Why Your Money Mindset is a Big Part of the Problem
For years, I thought all this mindset stuff was hocus pocus. I’ve got two psychology degrees and never once in my very expensive education did I learn how or why my mindset determined the health of my bank account or anything else. It wasn’t until I hired a life coach (<- oh yes I did) that I realized how true that statement was. Once I was able to get past some of my limiting beliefs, I realized how much some of my disordered thinking was holding me back. More importantly, when I learned to stop stressing about everything, I had so much more energy to focus on achieving the things I wanted in life – including money. Money mindset issues impact how you earn, spend, save and give. It’s a HUGE roadblock and one worth examining.

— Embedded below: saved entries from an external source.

Theorem corollary7 (R : realType) (N n m p : nat)
  (hN : (2 <= N)%N) (hn : (0 < n)%N) (hm : (0 < m)%N) (hp : (0 < p)%N)
  (A : 'M[R]_n) (B : 'M[R]_(n, p)) (C : 'M[R]_(m, n)) (H : 'M[R]_(n, m))
  (h : R) (hh : 0 < h)
  (W : 'M[R]_N)
  (hWnz : forall i j : 'I_N,
     ((val i == 0%N) && (val j == N.-1)) || (val i == (val j).+1) -> W i j != 0)
  (hWz : forall i j : 'I_N,
     ~~ (((val i == 0%N) && (val j == N.-1)) || (val i == (val j).+1)) -> W i j = 0)
  (v : 'I_N -> 'rV[R[i]]_N) (lambda : 'I_N -> R[i])
  (hvind : row_free (\matrix_(k < N) v k))
  (hveig : forall k, v k *m cmx W = lambda k *: v k) :
  let Delta : 'M[R]_N := \matrix_(i, j) ((val i == 0%N) && (val j == 0%N))%:R in
  let Bh : 'M[R]_(n, p) := intexpmx A h *m B in
  let Hh : 'M[R]_n := intexpmx A h *m (H *m C) in
  let Phi_s := (1%:M : 'M[R]_N) *t expmx (h *: A) + W *t Hh in
  let Psi_s := Delta *t Bh in
  let E := fun k : 'I_N => cmx (expmx (h *: A)) + lambda k *: cmx Hh in
  (forall k : 'I_N, pair_controllable (E k) (cmx Bh)) ->
  (forall (theta : R[i]) (S : {set 'I_N}),
     (1 < #|S|)%N ->
     (forall k, k \in S -> eigenvalue (E k) theta) ->
     forall xi : 'I_N -> 'rV[R[i]]_n,
       (forall k, k \in S -> left_eig theta (E k) (xi k)) ->
       (exists2 k, k \in S & xi k != 0) ->
       (\sum_(k in S) (v k *t xi k)) *m cmx Psi_s != 0) ->
  ds_controllable Phi_s Psi_s.
Proof.
move=> Delta Bh Hh Phi_s Psi_s E E_controllable common_eig_Psi.
have cmx_Psi : cmx Psi_s = delta1_mx R[i] N *t cmx Bh.
  by rewrite !cmxE map_mxT; congr (_ *t _); apply/matrixP => i j; rewrite !mxE rmorph_nat.
have cmx_Phi : cmx Phi_s = 1%:M *t cmx (expmx (h *: A)) + cmx W *t cmx Hh.
  by rewrite !cmxE map_mxD !map_mxT map_mx1.
have W_circle : circle_mx (cmx W).
  move=> i j; rewrite cmxE mxE fmorph_eq0.
  by case: (boolP (_ || _)) => [/hWnz | /hWz ->]; rewrite ?eqxx.
rewrite cmx_Psi in common_eig_Psi.
apply: pbh_ds_controllable => theta w; rewrite cmx_Phi cmx_Psi.
exact: (networked_pbh W_circle hvind hveig E_controllable common_eig_Psi).
Qed.
Lemma crossings_bounded i j :
  up_crossing_bounded i j /\ down_crossing_bounded i j.
Proof.
suff all_below n : forall i' j', (i' + j' < n)%N ->
    up_crossing_bounded i' j' /\ down_crossing_bounded i' j'.
  exact: (all_below (i + j).+1).
elim: n => [//|n IH] i' j' hn.
have below : crossings_below i' j'.
  by move=> i'' j'' h; apply: IH; apply: leq_trans h hn.
by split; [apply: up_crossing_step | apply: down_crossing_step].
Qed.

(* The borders of the grid have a fixed sign: only right steps occur on the
   first row and only down steps on the first column. *)
Lemma first_row_nonpos j : (j <= nb)%N -> g 0 j <= 0.
Proof.
elim: j => [|j IH] hj; first by rewrite g00.
by rewrite g_row0 //; have := IH (ltnW hj); have := beta_bound (leq0n na) hj; lra.
Qed.

Lemma first_col_nonneg i : (i <= na)%N -> 0 <= g i 0.
Proof.
elim: i => [|i IH] hi; first by rewrite g00.
by rewrite g_col0 //; have := IH (ltnW hi); have := alpha_bound hi (leq0n nb); lra.
Qed.

(* On the last column down steps are null, so a positive value there is
   either a fresh upward crossing or was already at most M. *)
Lemma last_col_bounded i : (i <= na)%N -> 0 < g i nb -> g i nb <= M.
Proof.
elim: i => [|i IH] hi g_pos; first by have := first_row_nonpos (leqnn nb); lra.
have [gi_le0|gi_pos] := lerP (g i nb) 0.
  by have [up _] := crossings_bounded i nb; apply: up.
have gi_leM := IH (ltnW hi) gi_pos.
have [nb0|nb_gt0] := posnP nb.
  by have := g_col0 hi; rewrite -nb0 alpha_last // addr0; lra.
have nbE : nb = nb.-1.+1 by rewrite prednK.
move: g_pos; rewrite [in g i.+1 nb]nbE g_greedy ?ltn_predL // -nbE.
rewrite alpha_last // addr0; case: ifP => [_|]; first lra.
move/negbT; rewrite -leNgt (gtr0_norm gi_pos) => rejected g_pos.
by rewrite (gtr0_norm g_pos) in rejected; lra.
Qed.

(* Dually, right steps are null on the last row. *)
Lemma last_row_bounded j : (j <= nb)%N -> g na j < 0 -> - M <= g na j.
Proof.
elim: j => [|j IH] hj g_neg; first by have := first_col_nonneg (leqnn na); lra.
have [gj_ge0|gj_neg] := lerP 0 (g na j).
  by have [_ down] := crossings_bounded na j; apply: down.
have gj_geM := IH (ltnW hj) gj_neg.
have [na0|na_gt0] := posnP na.
  by have := g_row0 hj; rewrite -na0 beta_last // subr0; lra.
have naE : na = na.-1.+1 by rewrite prednK.
move: g_neg; rewrite [in g na j.+1]naE g_greedy ?ltn_predL // -naE.
rewrite beta_last // subr0; case: ifP => [chosen g_neg|]; last lra.
by move: chosen; rewrite (ltr0_norm gj_neg) (ltr0_norm g_neg); lra.
Qed.

Theorem greedy_walk_bounded : `|g na nb| <= M.
Proof.
have [g_neg|g_pos|->] := ltrgtP (g na nb) 0; last by rewrite normr0.
- by rewrite ltr0_norm //; have := last_row_bounded (leqnn nb) g_neg; lra.
- by rewrite gtr0_norm //; exact: last_col_bounded (leqnn na) g_pos.
Qed.

End GreedyWalk.

Section Rankings.
Variables (T : eqType) (x0 : T) (Y : T -> bool).

Lemma precedes_rcons (o : seq T) x y z : x \in o -> y \in o ->
  precedes (rcons o z) x y = precedes o x y.
Proof. by move=> hx hy; rewrite /precedes -cats1 !index_cat hx hy. Qed.

Lemma precedes_rcons_new (o : seq T) x z : x \in o -> z \notin o ->
  precedes (rcons o z) x z.
Proof.
move=> hx hz; rewrite /precedes -cats1 !index_cat hx (negbTE hz) /= eqxx addn0.
by rewrite index_mem.
Qed.

Lemma precedes_new_rcons (o : seq T) x z : x \in o -> z \notin o ->
  precedes (rcons o z) z x = false.
Proof.
move=> hx hz; rewrite /precedes -cats1 !index_cat hx (negbTE hz) /= eqxx addn0.
by apply/negbTE; rewrite -leqNgt ltnW // index_mem.
Qed.

Lemma H_ba_swap (p q o : seq T) i j :
  H_ba x0 Y p q i j o = H_ab x0 Y q p j i o.
Proof. by []. Qed.

(* The pairs (label-1 sample p_i, label-0 sample of q) whose q-member is not
   yet placed in a (i+1, j)-partial ordering: the contribution of p_i to H_ab
   that does not depend on the ordering. *)
Definition pending_pairs (p q : seq T) i j : nat :=
  (\sum_(h < size q) ([&& Y (nth x0 p i), ~~ Y (nth x0 q h) & (j <= h)%N] : nat))%N.

Section Append.
Variables (p q o : seq T) (i j : nat).
Hypothesis p_placed : forall k, (k < i)%N -> nth x0 p k \in o.
Hypothesis q_placed : forall h, (h < j)%N -> nth x0 q h \in o.
(* Let $\nu\in\mathbb M$. The following are equivalent: (1) $\nu$ is ergodic with respect to $\mathbb S\times\mathbb O$; (2) for every $k\ge0$, $\theta_k[\nu]$ is ergodic with respect to $\mathbb S^{2^k}$; (3) there is $n\ge0$ such that $\theta_k[\nu]$ is ergodic with respect to $\mathbb S^{2^k}$ for every $k\ge n$.
   Context: $I=\{0,1\}$. $\mathbb S$ is the left shift on $I^{\mathbb Z}$; for a measure $\eta$, $\mathbb S^j\eta$ is the pushforward. $I^{\mathbb N}$ is the space of $0$–$1$ sequences $(\alpha_i)_{i\ge1}$ with uniform Bernoulli measure $m$; $\mathbb O$ is the odometer (addition of $1$ with carry to the right: if $\alpha_1=\dots=\alpha_{n-1}=1$, $\alpha_n=0$, then $\mathbb O[\alpha]_i=0$ for $i<n$, $\mathbb O[\alpha]_n=1$, $\mathbb O[\alpha]_i=\alpha_i$ for $i>n$). $\mathbb M$ is the set of Borel probability measures on $I^{\mathbb Z}\times I^{\mathbb N}$ invariant under $\mathbb S\times\mathbb O$. For $k\ge0$, $A_{0,k}=\{\alpha:\alpha_1=\dots=\alpha_k=0\}$, and $\theta_k[\nu]$ is the normalized projection to $I^{\mathbb Z}$ of the restriction of $\nu$ to $I^{\mathbb Z}\times A_{0,k}$; it is $\mathbb S^{2^k}$-invariant. *)

From HB Require Import structures.
From mathcomp Require Import all_boot all_order all_algebra.
From mathcomp Require Import all_classical all_reals all_analysis.
Set Implicit Arguments. Unset Strict Implicit. Unset Printing Implicit Defensive.
Import Order.TTheory GRing.Theory Num.Theory.
Local Open Scope classical_set_scope.
Local Open Scope ring_scope.

(* I^Z : two-sided 0-1 sequences, indexed by int, true = 1 *)
Definition cylZ : set (set (int -> bool)) :=
  [set A | exists (i : int) (b : bool), A = [set x | x i = b]].
Definition IZ := g_sigma_algebraType cylZ.

(* I^N : one-sided 0-1 sequences (alpha_1, alpha_2, ...) stored as
   nat -> bool with alpha_(i+1) at index i *)
Definition cylN : set (set (nat -> bool)) :=
  [set A | exists (i : nat) (b : bool), A = [set x | x i = b]].
Definition IN := g_sigma_algebraType cylN.

Definition shiftZ (x : IZ) : IZ := fun i => x (i + 1)%R.

(* the odometer: bit n flips iff all the lower bits are 1
   (this is addition of 1 with carry to the right; all-ones maps to all-zeros) *)
Definition odometer (a : IN) : IN :=
  fun n => if [forall i : 'I_n, a i] then ~~ a n else a n.

Definition SxO (p : (IZ * IN)%type) : (IZ * IN)%type := (shiftZ p.1, odometer p.2).

Definition invariant_for d (X : measurableType d) (R : realType)
  (mu : set X -> \bar R) (T : X -> X) : Prop :=
  forall A, measurable A -> mu (T @^-1` A) = mu A.

Definition ergodic_for d (X : measurableType d) (R : realType)
  (mu : set X -> \bar R) (T : X -> X) : Prop :=
  invariant_for mu T /\
  forall A, measurable A -> T @^-1` A = A -> (mu A = 0)%E \/ (mu A = 1)%E.

Definition in_M (R : realType) (nu : probability (IZ * IN)%type R) : Prop :=
  invariant_for nu SxO.

Definition A0 (k : nat) : set IN := [set a | forall i, (i < k)%N -> a i = false].

Definition theta (R : realType) (nu : probability (IZ * IN)%type R) (k : nat)
  : set IZ -> \bar R :=
  fun A => ((fine (nu (A `*` A0 k)) / fine (nu (setT `*` A0 k)))%:E).

From HB Require Import structures.
From mathcomp Require Import all_boot all_order all_algebra.
From mathcomp Require Import all_classical all_reals all_analysis.
From mathcomp Require Import zify.

Set Implicit Arguments. Unset Strict Implicit. Unset Printing Implicit Defensive.
Import Order.TTheory GRing.Theory Num.Theory.
Local Open Scope classical_set_scope.
Local Open Scope ring_scope.

(* Write X_k = I^Z x A_{0,k}.  On the first k digits the odometer acts as "+1 modulo 2^k",
   so S x O brings X_k back to itself exactly every 2^k steps.

   (1) -> (2): if B is S^(2^k)-invariant, the union of the (S x O)^-j (B x A_{0,k}), j < 2^k,
   is (S x O)-invariant and meets X_k in B x A_{0,k}; so theta_k B is 0 or 1.

   (3) -> (1): let E be (S x O)-invariant and c_k = nu(E | X_k).  The charge
   A |-> nu((A x A_{0,k}) /\ E) - c_k nu(A x A_{0,k}) is S^(2^k)-invariant and, theta_k being
   ergodic, vanishes on invariant sets; a Hahn decomposition argument shows it vanishes
   identically.  Transporting by the odometer, nu(Y /\ E) = c_k nu(Y) on every rectangle
   A x {first k digits = r}; hence c_k does not depend on k >= n, and since these rectangles
   generate the product sigma-algebra, nu(. /\ E) = c nu.  Evaluating at E and at the whole
   space gives c = c^2. *)

Lemma measurable_preimage d d' (X : measurableType d) (Y : measurableType d')
    (f : X -> Y) (A : set Y) :
  measurable_fun setT f -> measurable A -> measurable (f @^-1` A).
Proof. by move=> mf mA; rewrite -[_ @^-1` _]setTI; exact: mf. Qed.

Lemma measurable_iter d (X : measurableType d) (f : X -> X) j :
  measurable_fun setT f -> measurable_fun setT (iter j f).
Proof.
move=> mf; elim: j => [|j IH] /=; first exact: measurable_id.
exact: measurableT_comp mf IH.
Qed.

Lemma invariant_for_iter d (X : measurableType d) (R : realType)
    (mu : set X -> \bar R) (f : X -> X) j :
  measurable_fun setT f -> invariant_for mu f -> invariant_for mu (iter j f).
Proof.
move=> mf muf; elim: j => [|j IH] A mA //=.
rewrite -[_ @^-1` A]/(iter j f @^-1` (f @^-1` A)) IH ?muf //.
exact: measurable_preimage.
Qed.

Lemma preimage_iter_invariant (T : Type) (f : T -> T) (E : set T) j :
  f @^-1` E = E -> iter j f @^-1` E = E.
Proof.
by move=> fE; elim: j => [|j IH] //=; rewrite -[_ @^-1` E]/(iter j f @^-1` (f @^-1` E)) fE.
Qed.

Lemma iter_can (T : Type) (f g : T -> T) j : cancel f g -> cancel (iter j f) (iter j g).
Proof. by move=> fK; elim: j => [|j IH] x //=; rewrite -iterS iterSr fK IH. Qed.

Are you ready to face your reality?
When I was younger I was dirt poor with horrible credit. I had a lot of shame around my financial situation, so I did the not-so-smart thing and avoided looking at the reality of my financial situation. Surprise, surprise – it didn’t all magically go away (so much for all that law of attraction stuff I tried).
Eventually, I didn’t have a choice but to deal with my credit issues because I was planning to go back to school and I knew I’d need student loans, so a less embarrassing credit situation was necessary. Looking at the reality of my money situation was so hard, but once I had a grip on what needed to be done, I was able to start taking steps towards making it better. It took a long time, but in retrospect, I realize the fear of looking at my finances was greater than the reality of what I needed to do.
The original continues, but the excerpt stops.